Data to process:

(* Let $m\ge2$, let $\mathcal G,\mathcal H_1,\dots,\mathcal H_m$ be real Hilbert spaces, $\boldsymbol{\mathcal H}=\mathcal H_1\oplus\cdots\oplus\mathcal H_m$, $\boldsymbol f\in\Gamma_0(\boldsymbol{\mathcal H})$, and for each $i$ let $L_i:\mathcal H_i\to\mathcal G$ be a bounded linear operator, not all $L_i$ being zero. Set $L_{m+1}=L_1$. Suppose there exists $(z_1,\dots,z_m)\in\boldsymbol{\mathcal H}$ with $\big(L_1^*(L_2z_2-L_1z_1),\dots,L_m^*(L_1z_1-L_mz_m)\big)\in\partial\boldsymbol f(z_1,\dots,z_m)$. Set $\chi=2\max_i\|L_i\|^2$, let $\varepsilon\in]0,2/(\chi+1)[$ and let $(\gamma_n)_n$ be a sequence in $[\varepsilon,(2-\varepsilon)/\chi]$. For each $i$ let $x_{i,0}\in\mathcal H_i$ and let $(a_{i,n})_n,(b_{i,n})_n$ be absolutely summable sequences in $\mathcal H_i$; set $x_{m+1,n}=x_{1,n}$. For every $n$ define $y_{i,n}=x_{i,n}-\gamma_n\big(L_i^*(L_ix_{i,n}-L_{i+1}x_{i+1,n})+a_{i,n}\big)$ for $i=1,\dots,m$, and $(x_{1,n+1},\dots,x_{m,n+1})=\operatorname{prox}_{\gamma_n\boldsymbol f}(y_{1,n},\dots,y_{m,n})+(b_{1,n},\dots,b_{m,n})$. Then there exists $(\overline x_1,\dots,\overline x_m)\in\boldsymbol{\mathcal H}$ (with $\overline x_{m+1}=\overline x_1$) such that for every $i$, $\overline x_i\in\operatorname{Argmin}_{x\in\mathcal H_i}\big(\boldsymbol f(\overline x_1,\dots,\overline x_{i-1},x,\overline x_{i+1},\dots,\overline x_m)+\tfrac12\|L_ix-L_{i+1}\overline x_{i+1}\|^2\big)$, and $x_{i,n}\rightharpoonup\overline x_i$ and $L_i^*\big(L_i(x_{i,n}-\overline x_i)-L_{i+1}(x_{i+1,n}-\overline x_{i+1})\big)\to0$.
   Context: $\boldsymbol{\mathcal H}$ carries the inner product $\sum_i\langle x_i,y_i\rangle$. $\Gamma_0(\mathcal K)$ denotes the proper lower semicontinuous convex functions $\mathcal K\to\left]-\infty,+\infty\right]$; $\partial$ the subdifferential; $L_i^*$ the adjoint; $\|L_i\|$ the operator norm. For $\varphi\in\Gamma_0(\mathcal K)$, $\operatorname{prox}_\varphi x=\operatorname{argmin}_y\big(\varphi(y)+\tfrac12\|x-y\|^2\big)$. $\rightharpoonup$ denotes weak convergence, $\to$ strong convergence. *)

From Stdlib Require Import Reals Lra Lia Arith List Classical.
Open Scope R_scope.
Set Implicit Arguments.
(* Let $a\in\mathbf F^{\uparrow}$ with $\mathrm{supp}(a)=(0,r)$, let $\alpha_0\in(0,r)\cap A$, $\alpha_k=(\alpha_0)a^k$ ($k\in\mathbb Z$), and $b\in\mathbf F^{\uparrow}$ with $\mathrm{supp}(b)=(\alpha_0,\alpha_1)$. Let $G$ be a subgroup of $\mathbf V(r,\mathbb R^*_+,\mathbb R)$ with $G\cap\mathbf F(r,\mathbb R^*_+,\mathbb R)=\mathbf F$. Then $C_G(a)=C_{\mathbf F}(a)$ and $C_G(\{a^{-k}ba^k\mid k\in\mathbb Z\})=C_{\mathbf F}(\{a^{-k}ba^k\mid k\in\mathbb Z\})$.
   Context: Maps act on the right. Fix real $r>0$, a subgroup $\Lambda\neq\{1\}$ of $\mathbb R^*_+$, and an additive subgroup $A\subseteq\mathbb R$ with $r\in A$ and $\lambda A\subseteq A$ for $\lambda\in\Lambda$ (definitions also used with $\Lambda=\mathbb R^*_+$, $A=\mathbb R$). $\mathbf V(r,\Lambda,A)$ is the group of bijections $x\colon[0,r)\to[0,r)$ that are piecewise affine with finitely many breakpoints and discontinuities, right-continuous everywhere, with all slopes in $\Lambda$ and all breakpoints, discontinuity points and their images in $A$; $\mathbf F(r,\Lambda,A)$ is the subgroup of elements continuous for the usual topology; $\mathbf F=\mathbf F(r,\Lambda,A)$. $\mathbf F^{\uparrow}=\{x\in\mathbf F\mid(\gamma)x\ge\gamma\ \forall\gamma\}$; $\mathrm{supp}(x)$ is the set of non-fixed points; $C_G(S)$ is the centralizer of $S$ in $G$. *)

From Stdlib Require Import Reals ZArith ClassicalEpsilon.
Open Scope R_scope.

(* The interval [0,r) as a type; maps act on it.  Maps act on the right:
   (t)(x y) = ((t)x)y, i.e. the product x y is the function  fun t => y (x t). *)
Definition I (r : R) : Type := { t : R | 0 <= t < r }.

Definition rmul {r : R} (x y : I r -> I r) : I r -> I r := fun t => y (x t).

Definition is_bij {r : R} (x : I r -> I r) : Prop :=
  exists y : I r -> I r, (forall t, y (x t) = t) /\ (forall t, x (y t) = t).

Definition is_PA (r : R) (Lam A : R -> Prop) (x : I r -> I r) : Prop :=
  exists (n : nat) (p lam c : nat -> R),
    p 0%nat = 0 /\ p n = r /\
    (forall i, (i < n)%nat -> p i < p (S i)) /\
    (forall i, (i <= n)%nat -> A (p i)) /\
    (forall i, (i < n)%nat -> Lam (lam i)) /\
    (forall i, (i < n)%nat -> A (lam i * p i + c i)) /\
    (forall i, (i < n)%nat -> forall t : I r,
        p i <= proj1_sig t < p (S i) -> proj1_sig (x t) = lam i * proj1_sig t + c i).
(* Let $\{A^i\}_{i=1}^N$ and $\{\tilde A^i\}_{i=1}^N$ be injective fMPSs of bond dimension $2n$ with Wall invariant $(+)$, both in canonical form. Then $\{A^i\}_i \sim \{\tilde A^i\}_i$ holds if and only if there exist a unitary matrix $V\in \mathrm{U}(2n)$ and a phase $e^{i\beta}\in \mathrm{U}(1)$ such that $$\tilde A^i = e^{i\beta} V^\dagger A^i V \quad \text{for all } i.$$ In this case $e^{i\beta}$ is unique and $V$ is unique up to multiplication by a $\mathrm{U}(1)$ phase. Moreover, if $u$ and $\tilde u$ are Wall matrices of $\{A^i\}_i$ and $\{\tilde A^i\}_i$ respectively, then $\tilde u = \eta\, V^\dagger u V$ for some sign $\eta\in\{\pm1\}$. All of these statements remain true if the hypothesis $\{A^i\}_i\sim\{\tilde A^i\}_i$ is replaced by $\{A^i\}_i\sim_{\rm PBC}\{\tilde A^i\}_i$.
   Context: Fix integers $N,n\ge 1$ and a parity function $i\mapsto |i|\in\{0,1\}$ on $\{1,\dots,N\}$. Let $\sigma_x,\sigma_z$ be the Pauli matrices. An fMPS of bond dimension $2n$ is a tuple $\{A^i\}_{i=1}^N$ of complex $2n\times 2n$ matrices for which there is a matrix $Z$ (a grading matrix), unitarily equivalent to $\sigma_z\otimes 1_n$, with $(-1)^{|i|}A^i = Z A^i Z$ for all $i$. It is in canonical form if $\sum_i A^iA^{i\dagger}=1_{2n}$. It is injective with Wall invariant $(+)$ if there is a fixed $l\in\mathbb N$ such that the products $A^{i_1}\cdots A^{i_l}$ over all $(i_1,\dots,i_l)$ span $\mathrm M_{2n}(\mathbb C)$; in that case the grading matrix is unique up to sign and a Wall matrix is $u=\pm Z$ (so $u^2=1$). Two fMPSs are gauge equivalent, $\{A^i\}_i\sim\{\tilde A^i\}_i$, if for every $L\in\mathbb N$ there is $\alpha_L\in\mathbb R$ with $\mathrm{tr}[A^{i_1}\cdots A^{i_L}] = e^{i\alpha_L}\mathrm{tr}[\tilde A^{i_1}\cdots\tilde A^{i_L}]$ for all $i_1,\dots,i_L$. They are gauge equivalent in PBC, $\{A^i\}_i\sim_{\rm PBC}\{\tilde A^i\}_i$, if for every $L$ there is $\alpha_L$ with $\mathrm{tr}[uA^{i_1}\cdots A^{i_L}] = e^{i\alpha_L}\mathrm{tr}[\tilde u\tilde A^{i_1}\cdots\tilde A^{i_L}]$ for all $i_1,\dots,i_L$, where $u,\tilde u$ are the respective Wall matrices. *)

From HB Require Import structures.
From mathcomp Require Import all_boot all_order all_algebra.
From mathcomp Require Import spectral sesquilinear.
From mathcomp Require Import complex.
From mathcomp Require Import reals.
Set Implicit Arguments.
Unset Strict Implicit.
Unset Printing Implicit Defensive.
Import Order.TTheory GRing.Theory Num.Theory.
Local Open Scope ring_scope.
Local Open Scope sesquilinear_scope.
Theorem mainTheorem12 (F : fieldType) (n : nat) (A B As Bs : 'M[F]_n) :
  (0 < n)%N -> in_Il A B As Bs ->
  (exists W, is_socle (repn A B As Bs) W) /\
  (exists R, is_radical (repn A B As Bs) R) /\
  (* socle(T) = S_1 *)
  (forall W, is_socle (repn A B As Bs) W ->
     iso_subquot (S1 F) (repn A B As Bs) W (sub0 _)) /\
  (* top(T) = T / rad T = S_0 *)
  (forall R, is_radical (repn A B As Bs) R ->
     iso_subquot (S0 F) (repn A B As Bs) (subT _) R) /\
  (* ker(T/W -> S_0) = rad(T)/W is isomorphic to a point of I^r(n-1) *)
  (forall W R, is_socle (repn A B As Bs) W -> is_radical (repn A B As Bs) R ->
     exists A' B' As' Bs' : 'M[F]_n.-1,
       in_Ir A' B' As' Bs' /\ iso_subquot (repn A' B' As' Bs') (repn A B As Bs) R W).
Proof.
move=> n_gt0 ilT.
split; first by eexists; apply: socle_exists n_gt0 ilT.
split; first by eexists; apply: radical_exists n_gt0 ilT.
split.
  move=> W /(socle_unique n_gt0 ilT) W_soc.
  exact: iso_subquot_eq W_soc (subsp_eq_refl _) (soc_iso_S1 n_gt0 ilT).
split.
  move=> R /(radical_unique n_gt0 ilT) R_rad.
  exact: iso_subquot_eq (subsp_eq_refl _) R_rad (top_iso_S0 n_gt0 ilT).
move=> W R /(socle_unique n_gt0 ilT) W_soc /(radical_unique n_gt0 ilT) R_rad.
have [A' [B' [As' [Bs' [in_Ir' iso']]]]] := rad_mod_soc_in_Ir n_gt0 ilT.
exists A', B', As', Bs'; split=> //.
exact: iso_subquot_eq R_rad W_soc iso'.
Qed.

What is expected: Word for word, copy the line containing "move=> R /(radical_unique n_gt0 ilT) R_rad." and each line after it to the end of the records, and nothing besides.

Written solution:
  move=> R /(radical_unique n_gt0 ilT) R_rad.
  exact: iso_subquot_eq (subsp_eq_refl _) R_rad (top_iso_S0 n_gt0 ilT).
move=> W R /(socle_unique n_gt0 ilT) W_soc /(radical_unique n_gt0 ilT) R_rad.
have [A' [B' [As' [Bs' [in_Ir' iso']]]]] := rad_mod_soc_in_Ir n_gt0 ilT.
exists A', B', As', Bs'; split=> //.
exact: iso_subquot_eq R_rad W_soc iso'.
Qed.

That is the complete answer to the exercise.